In 2012, the European Union's budget (€130bn) coupled with committed expenditure will reach a staggering €276bn. What began as a common trading platform has mushroomed into an organisation that employs 33,000 people to administer policy and you might rightly ask 'what do they all do' and more to the point 'why'? On top of the 33,000 administrative staff there are 754 Members of the European Parliament. The official website for the EU says that the central operating cost for the EU is value for money, costing each EU citizen only 67cents each. It further assures us that a mere 6% of the 2012 budget is spent on administration and only 6% of that on salaries. Mentioning these figures and the way in which they are presented is indicative of people running large organisations who eventually lose touch with the reality of most people's lives. Those who put these figures together represent them as 'only 6%' - but that's actually eight billion euro! And 'only 6% of 6%' is still five hundred million euro. 67 cents each might not sound a lot, but 504 million people paying it is. But is anyone interested enough to do anything about this? Apparently not.
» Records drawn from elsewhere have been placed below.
Lemma card_part_b (i : 'I_m) : #|part (nc_vertices G) rep (phi ((i, o0n), true))| = n.
Proof.
rewrite part_phi card_imset; last exact: phi_inj.
rewrite (_ : [set t in ~: center_params | rep_param t == ((i, o0n), true)] =
             setX (setX [set i] setT) [set true]).
  by rewrite !cardsX cardsT card_ord !cards1 mul1n muln1.
apply/setP => -[[j k] s]; rewrite !inE /rep_param /param_a.
by case: s; rewrite /= !xpair_eqE ?eqxx ?eqbF_neg ?eqb_id ?andbT ?andbF.
Qed.

Local Close Scope group_scope.

Lemma prod_reps_card_part (R : comNzRingType) (F : nat -> R) :
  \prod_(q in reps (nc_vertices G) rep) F #|part (nc_vertices G) rep q| =
    F ((m - 1) * n)%N * F n ^+ m.
Proof.
rewrite reps_phi big_imset /=; last by move=> t t' _ _; apply: phi_inj.
rewrite big_setU1 /= ?card_part_a; last by rewrite !in_setX !in_set1 andbF.
rewrite (eq_bigr (fun _ => F n)) => [|[[i k] s]]; last first.
  by rewrite !in_setX !in_set1 => /andP[/andP[_ /eqP ->] /eqP ->]; rewrite card_part_b.
by rewrite prodr_const !cardsX cardsT card_ord !cards1 !muln1.
Qed.

Lemma char_poly_nc_dist_laplacian :
  char_poly (dist_laplacian (nc_vertices G) (@nc_rel gT)) =
    'X * ('X - #|nc_vertices G|%:R%:P) ^+ m
       * ('X - (#|nc_vertices G| + (m - 1) * n)%:R%:P) ^+ ((m - 1) * n).-1
       * ('X - (#|nc_vertices G| + n)%:R%:P) ^+ (m * n.-1).
Proof.
rewrite (char_poly_dist_laplacian_multipartite rep_vertex rep_idem nc_rel_rep rep_other_part
  nc_vertices_neq0).
rewrite card_reps (prod_reps_card_part (fun k => ('X - (#|nc_vertices G| + k)%:R%:P) ^+ k.-1)).
by rewrite mulrA -exprM (mulnC n.-1).
Qed.

End Metacyclic.

Theorem theorem6p3 (gT : finGroupType) (G : {group gT}) (a b : gT)
  (m n : nat) (hm_odd : odd m) (hm : (2 < m)%N) (hn : (1 <= n)%N)
  (hG : G :=: <<[set a; b]>>%g)
  (ha : (a ^+ m)%g = 1%g) (hb : (b ^+ (2 * n))%g = 1%g)
  (hab : (b * a * b^-1)%g = (a^-1)%g)
  (hord : #|G| = (2 * m * n)%N) :
  char_poly (dist_laplacian (nc_vertices G) (@nc_rel gT)) =
    'X
    * ('X - ((n * (2 * m - 1))%N)%:R%:P) ^+ m
    * ('X - ((2 * m * n)%N)%:R%:P) ^+ (m * (n - 1))
    * ('X - (((3 * m - 2) * n)%N)%:R%:P) ^+ ((m - 1) * n - 1).
Proof.
rewrite (char_poly_nc_dist_laplacian hm_odd hm hn hG ha hb hab hord).
rewrite (card_nc_vertices hm_odd hm hn hG ha hb hab hord).
have -> : (n * (2 * m - 1) + (m - 1) * n = (3 * m - 2) * n)%N by nia.
have -> : (n * (2 * m - 1) + n = 2 * m * n)%N by nia.
by rewrite -!subn1 -!mulrA [X in _ * (_ * X)]mulrC.
Qed.
Lemma ln_ratio_mvt N t : 0 < t <= 1 ->
  exists2 c, 0 < c < t & ln_ratio N t = defect N c / psum N.+1 c * t.
Proof.
move=> /andP[t0 t1].
have [c c0t eq] : exists2 c, c \in `]0, t[ &
    ln_ratio N t - ln_ratio N 0 = defect N c / psum N.+1 c * (t - 0).
  apply: MVT => // [y|].
    rewrite in_itv /= => /andP[y0 yt]; apply: is_derive_ln_ratio.
    by rewrite (ltW y0) (le_trans (ltW yt)).
  apply: derivable_within_continuous => y; rewrite in_itv /= => /andP[y0 yt].
  apply: ex_derive; apply: is_derive_ln_ratio.
  by rewrite y0 (le_trans yt).
by exists c; [move: c0t; rewrite in_itv | move: eq; rewrite ln_ratio_at0 !subr0].
Qed.

Lemma psum_le_genf N t : 0 < t <= 1 -> psum N.+1 t <= genf t.
Proof.
move=> t01; have /andP[t0 t1] := t01.
have [c /andP[c0 ct] eq_ln] := ln_ratio_mvt N t01.
have c01 : 0 <= c <= 1 by rewrite ltW // (le_trans (ltW ct)).
have : ln_ratio N t <= 0.
  rewrite eq_ln; apply: mulr_le0_ge0; last exact: ltW.
  by apply: mulr_le0_ge0; rewrite ?defect_le0 // invr_ge0 psum_ge0 // ltW.
rewrite /ln_ratio -lerBrDr sub0r => le_ln.
by rewrite /genf -[leLHS]lnK ?posrE ?psum_gt0 ?(ltW t0) // ler_expR.
Qed.

Definition qmax := \big[Num.max/0]_(j < m) q j.
Definition gsum := \sum_(j < m) g j.

Lemma q_le_qmax j : q j <= qmax.
Proof. exact: le_bigmax. Qed.

Lemma qmax_ge0 : 0 <= qmax.
Proof. by rewrite /qmax; elim/big_ind: _ => // x y x0 _; rewrite le_max x0. Qed.

Lemma qmax_lt1 : qmax < 1.
Proof. by apply: bigmax_lt => // j _; exact: q_lt1. Qed.

Lemma gsum_ge0 : 0 <= gsum.
Proof. exact: sumr_ge0. Qed.

Lemma pow_sum_le l : pow_sum l <= gsum * qmax ^+ l.
Proof.
rewrite /pow_sum /gsum big_distrl /=; apply: ler_sum => j _.
by rewrite ler_wpM2l // lerXn2r ?nnegrE ?qmax_ge0 ?q_le_qmax.
Qed.

Lemma logder_tail_le N x : 0 <= x <= 1 ->
  logder_tail N x <= gsum * qmax ^+ N.+1 / (1 - qmax).
Proof.
move=> x01; have /andP[x0 x1] := x01.
rewrite /logder_tail /gsum -mulrA big_distrl /=; apply: ler_sum => j _.
rewrite ler_wpM2l //; apply: ler_pM.
- by rewrite mulr_ge0 ?exprn_ge0.
- by rewrite invr_ge0 subr_ge0 ltW // q_mul_lt1.
- rewrite -[leRHS]mulr1 ler_pM ?exprn_ge0 ?exprn_ile1 //.
  by rewrite lerXn2r ?nnegrE ?qmax_ge0 ?q_le_qmax.
rewrite lef_pV2 ?posrE ?subr_gt0 ?q_mul_lt1 ?qmax_lt1 // lerB //.
by rewrite (le_trans _ (q_le_qmax j)) // -[leRHS]mulr1 ler_wpM2l.
Qed.

Section LowerBound.
Variables t rho : R.
Hypotheses (t_gt0 : 0 < t) (t_lt_rho : t < rho) (qmax_lt_rho : qmax < rho)
  (rho_lt1 : rho < 1).

Let rho_gt0 : 0 < rho. Proof. exact: lt_trans t_gt0 t_lt_rho. Qed.

Lemma coef_le_geometric k c : 0 <= c <= t ->
  a k * c ^+ k <= genf (t / rho) * rho ^+ k.
Proof.
move=> /andP[c0 ct]; apply: (@le_trans _ _ (a k * t ^+ k)).
  by rewrite ler_wpM2l ?coef_ge0 // lerXn2r ?nnegrE // (le_trans c0).
have -> : t ^+ k = (t / rho) ^+ k * rho ^+ k by rewrite -exprMn divfK ?gt_eqF.
rewrite mulrA ler_wpM2r ?exprn_ge0 ?(ltW rho_gt0) //.
have tr0 : 0 < t / rho by rewrite divr_gt0.
apply: le_trans (coef_le_psum _ (ltW tr0)) (psum_le_genf _ _).
by rewrite tr0 ler_pdivrMr // mul1r ltW.
Qed.

Lemma psum_tail_le n l c : 0 <= c <= t ->
  psum (n + l) c - psum n c <= genf (t / rho) * rho ^+ n / (1 - rho).
Proof.
move=> c0t; rewrite psumD_sub.
apply: (@le_trans _ _ (\sum_(i < l) genf (t / rho) * rho ^+ (n + i))).
  by apply: ler_sum => i _; exact: coef_le_geometric.
under eq_bigr do rewrite exprD mulrA.
rewrite -big_distrr /= ler_wpM2l ?mulr_ge0 ?expR_ge0 ?exprn_ge0 ?(ltW rho_gt0) //.
by rewrite sum_expr_le // (ltW rho_gt0).
Qed.

Lemma defect_conv_le N c : 0 <= c <= t ->
  \sum_(1 <= l < N.+1) pow_sum l * c ^+ l.-1 * (psum N.+1 c - psum (N.+1 - l) c)
  <= gsum * genf (t / rho) / (1 - rho) / (1 - qmax / rho) * rho ^+ N.+1.
Proof.
move=> c0t; have /andP[c0 ct] := c0t.
have c1 : c <= 1 by rewrite (le_trans ct) // ltW // (lt_trans t_lt_rho).
have qr01 : 0 <= qmax / rho < 1.
  by rewrite divr_ge0 ?qmax_ge0 ?(ltW rho_gt0) // ltr_pdivrMr // mul1r.
apply: (@le_trans _ _ (\sum_(1 <= l < N.+1)
    gsum * genf (t / rho) / (1 - rho) * rho ^+ N.+1 * (qmax / rho) ^+ l)).
  rewrite big_nat_cond [leRHS]big_nat_cond.
  apply: ler_sum => l /andP[/andP[l1 lN] _].
  have -> : gsum * genf (t / rho) / (1 - rho) * rho ^+ N.+1 * (qmax / rho) ^+ l =
      gsum * qmax ^+ l * (genf (t / rho) * rho ^+ (N.+1 - l) / (1 - rho)).
    rewrite -{1}(subnK (ltnW lN)) exprD exprMn exprVn.
    by field; rewrite expf_neq0 ?gt_eqF // subr_gt0.
  apply: ler_pM.
  - by rewrite mulr_ge0 ?pow_sum_ge0 ?exprn_ge0.
  - by rewrite subr_ge0 psum_leN // leq_subr.
  - by rewrite (le_trans _ (pow_sum_le l)) // -[leRHS]mulr1 ler_wpM2l ?pow_sum_ge0 ?exprn_ile1.
  - by have := psum_tail_le (N.+1 - l) l c0t; rewrite subnK // ltnW.
rewrite -big_distrr /= [leRHS]mulrAC ler_wpM2l ?sum_expr1_le //.
by rewrite !mulr_ge0 ?gsum_ge0 ?expR_ge0 ?exprn_ge0 ?invr_ge0 ?subr_ge0
  ?(ltW rho_gt0) ?(ltW rho_lt1).
Qed.

Definition defect_const :=
  gsum * genf (t / rho) / (1 - rho) / (1 - qmax / rho) + genf t * gsum / (1 - qmax).

Lemma defect_ge N c : 0 <= c <= t -> - (defect_const * rho ^+ N.+1) <= defect N c.
Proof.
move=> c0t; have /andP[c0 ct] := c0t.
have t1 : t <= 1 by rewrite ltW // (lt_trans t_lt_rho).
have c01 : 0 <= c <= 1 by rewrite c0 (le_trans ct).
rewrite defectE // lerN2 /defect_const mulrDl lerD ?defect_conv_le //.
apply: (@le_trans _ _ (genf t * (gsum * qmax ^+ N.+1 / (1 - qmax)))).
  apply: ler_pM; rewrite ?psum_ge0 ?logder_tail_ge0 ?logder_tail_le //.
  by rewrite (le_trans (psum_lex _ c0 ct)) // psum_le_genf // t_gt0.
have -> : genf t * gsum / (1 - qmax) * rho ^+ N.+1 =
    genf t * (gsum * rho ^+ N.+1 / (1 - qmax)) by ring.
rewrite ler_wpM2l ?expR_ge0 // ler_wpM2r ?invr_ge0 ?subr_ge0 ?(ltW qmax_lt1) //.
by rewrite ler_wpM2l ?gsum_ge0 // lerXn2r ?nnegrE ?qmax_ge0 ?(ltW qmax_lt_rho) ?(ltW rho_gt0).
Qed.

Lemma genf_le_psum N : genf t * (1 - defect_const * rho ^+ N.+1) <= psum N.+1 t.
Proof.
have t01 : 0 < t <= 1 by rewrite t_gt0 ltW // (lt_trans t_lt_rho).
have [c /andP[c0 ct] eq_ln] := ln_ratio_mvt N t01.
have c0t : 0 <= c <= t by rewrite !ltW.
have c01 : 0 <= c <= 1 by rewrite ltW // (le_trans (ltW ct)) //; case/andP: t01.
have d_le0 := defect_le0 N c01.
have d_le : defect N c <= defect N c / psum N.+1 c.
  rewrite ler_pdivlMr ?psum_gt0 ?(ltW c0) // -[leRHS]mulr1.
  by rewrite ler_wnM2l // psum_ge1 ?(ltW c0).
have dp_le0 : defect N c / psum N.+1 c <= 0.
  by apply: mulr_le0_ge0 => //; rewrite invr_ge0 psum_ge0 // ltW.
have ln_ge : - (defect_const * rho ^+ N.+1) <= ln_ratio N t.
  rewrite eq_ln (le_trans (defect_ge N c0t)) // (le_trans d_le) //.
  by rewrite -[leLHS]mulr1 ler_wnM2l //; case/andP: t01.
have -> : psum N.+1 t = expR (ln_ratio N t) * genf t.
  by rewrite /genf -expRD /ln_ratio addrK lnK // posrE psum_gt0 // ltW.
by rewrite mulrC ler_wpM2r ?expR_ge0 // (le_trans _ (expR_ge1Dx _)) // lerD2l.
Qed.
End LowerBound.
There was a time when to have two or three close friends was sufficient for most people. Now social and business websites such as Facebook, LinkedIn, and Twitter encourage us to count our friends and contacts in the hundreds. The World Wide Web enables us to reach billions of people and distance is no longer an obstacle to communication, but is it? Email and texting reduces our ability to interact and sensitise us to really understanding each other. The complaint of many employees is that 'nobody listens to me' and in the main that is probably true. Senior managers communicate by email and via layers of management until eventually the message becomes distorted and unrecognisable from what was meant at the outset. People sitting within touching distance in offices communicate by email. People standing and sitting next to each other in social situations constantly use their iPhones to send, update and receive messages from other people. Does it matter? Isn't it just part of progress? Perhaps not. Perhaps it is simply part of the unrelenting process of reaching out beyond the confines of our local environment and embracing the expansion of that environment, and encouraging us to grow.

At a local political level councils are obsessed with attracting large conglomerates to their area with the aim of creating new jobs. In the process they usually have to offer significant incentives costing millions. In many cases the large conglomerate, having milked as much profit from the deal as possible during the years of reduced business rates and easing of planning restrictions, eventually closes the business in order to find some other mug council to exploit. Councils do not seem to consider how supporting small businesses might be a better sustainable bet in the long term. Large businesses going bust cause mayhem. Small ones don't.

I agree with Schumacher that the slavish drive for growth is a flawed concept. There is nothing wrong with staying as you are, provided that you continue to meet your obligations. In order to do so you also probably need to be innovative and react to changing markets and the world at large. This is easier if you are a small operation. As you grow the problems become bigger and so do the number of people creating and attempting to solve those problems.

We need to question exactly what the purpose of growth is and it seems to me that its purpose is to make some people, a small number of people, very rich. Yet how rich is enough? It is not uncommon to see people with so much money that they could never spend it in a dozen lifetimes. Why does anyone need to be paid millions? Why does anyone need to be paid one million? Take away the financial incentive of growth and I guarantee that the mergers and takeovers which are deemed necessary to improve customer choice and services would disappear overnight.